Shortly after ceding control to Bishop Murozewa in 1979 (the man whom Mugabe replaced a year later), Smith states:
The sense of urgency was lacking. At our security council meeting the next day, 13 June, the point was again stressed that our black cabinet ministers were not active enough as far as our amnesty plan was concerned. Zindoga was the only one to hold a meeting in the tribal trust lands. The rest were sitting back, enjoying life in their new positions.
Two weeks later, Smith recorded the following in his diary:
It was given headline prominence in The Herald with a big photograph of the new Prime Minister sitting on his throne, dressed up looking like a colorful rooster, and a bantam at that, sitting on a replica of the ox-wagons used by the Pioneer Column when they occupied the country in 1890. I cringed and closed my eyes. Murozewa and his ancestors had not even invented a wheel by the time the white man arrived . . .
On page after page, Smith carefully catalogues the incompetence, corruption, cruelty, and anti-whitism of the black African leaders who had replaced him and his cabinet in the 1980s. You can feel the growing disgust and frustration between the lines, especially when he describes how Mugabe ordered his North Korean-trained soldiers into Matabeleland in 1982, where they proceeded to kill 30,000 people. And the anti-white insults and perfidy from Zimbabwe’s black leadership only increased over time.
Towards the end of The Great Betrayal, Smith lashes out one last time against his enemies and those of his beloved Rhodesia. What he says is both tragic and poignant:
Moreover, in keeping with the incompetence and corruption associated with communism, the economy has collapsed. Inflation and interest rates, which were below 3 per cent in the days of the previous ‘racist regime’, rose to a peak in excess of 40 per cent last year. The Rhodesian dollar was on a par with sterling, worth 100 pence, while today the Zimbabwe dollar is worth five pence. It is difficult to find a black Zimbabwean these days who will not tell you that is standard of living deteriorated since the advent of ‘freedom’ fifteen years ago. There are frequent reports of starving people roaming the countryside in search of wild fruits and seeds to eat in order to maintain life.
When the peasant farmer complains about the unavailability of land, he is told, indeed the whole world is told . . . that his government is having problems with white racist farmers reluctant to part with their land. The truth, of course, is the very opposite. I can take you to a farm which was productive and earning foreign exchange, taken over by government a few years ago, which is now lying unoccupied with derelict and ransacked buildings. There are many such cases, involving more than a million acres.

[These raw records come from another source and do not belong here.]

From HB Require Import structures.
From mathcomp Require Import all_boot all_order all_algebra.
From Stdlib Require Import Classical FunctionalExtensionality PropExtensionality.
Set Implicit Arguments. Unset Strict Implicit. Unset Printing Implicit Defensive.
Import GRing.Theory.
Local Open Scope ring_scope.

(* Let N be a vertex and A, B two of its neighbours in G'(M).  Every path of
   G'(M) between vertices other than N that passes through N enters and leaves
   it through neighbours, so it suffices to join A and B in G'(M) - N.  If N has
   a proper non-zero submodule W, then W is a vertex adjacent to both A and B,
   because A + W <= A + N and B + W <= B + N.  Otherwise N = R n0 is simple, and
   Ann(n0) is a prime ideal.  Replacing A by a cyclic submodule R y with
   n0 \notin R y if possible, we may assume that either n0 \notin A, or that n0
   lies in every non-zero cyclic submodule of A; likewise for B.  In each of the
   resulting cases the comultiplication property (every submodule not containing
   n0 has an annihilator not killing n0) shows that A + B, or A + (A :&: B) and
   (A :&: B) + B, are non-large. *)

Section LargeSumGraph.
Variables (R : comPzRingType) (M : lmodType R).
Implicit Types (N K L A B W X Y Z : M -> Prop) (x y : M).

Lemma scalerAC (a b : R) (v : M) : a *: (b *: v) = b *: (a *: v).
Proof. by rewrite !scalerA mulrC. Qed.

The final lesson of The Great Betrayal is by far the most important. Rhodesia is gone. Ian Smith is gone. But the mendacious inheritors of both Rhodesia’s black and white enemies remain. They remain in power in Africa, and they remain in power in Western Europe and the United States. Despite the catastrophe that free Africa has become and the darkening West is quickly becoming, they have not wavered one iota from their Leftist ideological roots. And their job is not yet done. What they accomplished in Africa, they plan to replicate across the entire West.
There is no other conclusion to draw: The people who didn’t want whites in charge in Africa in the days of Ian Smith don’t want them in charge anywhere.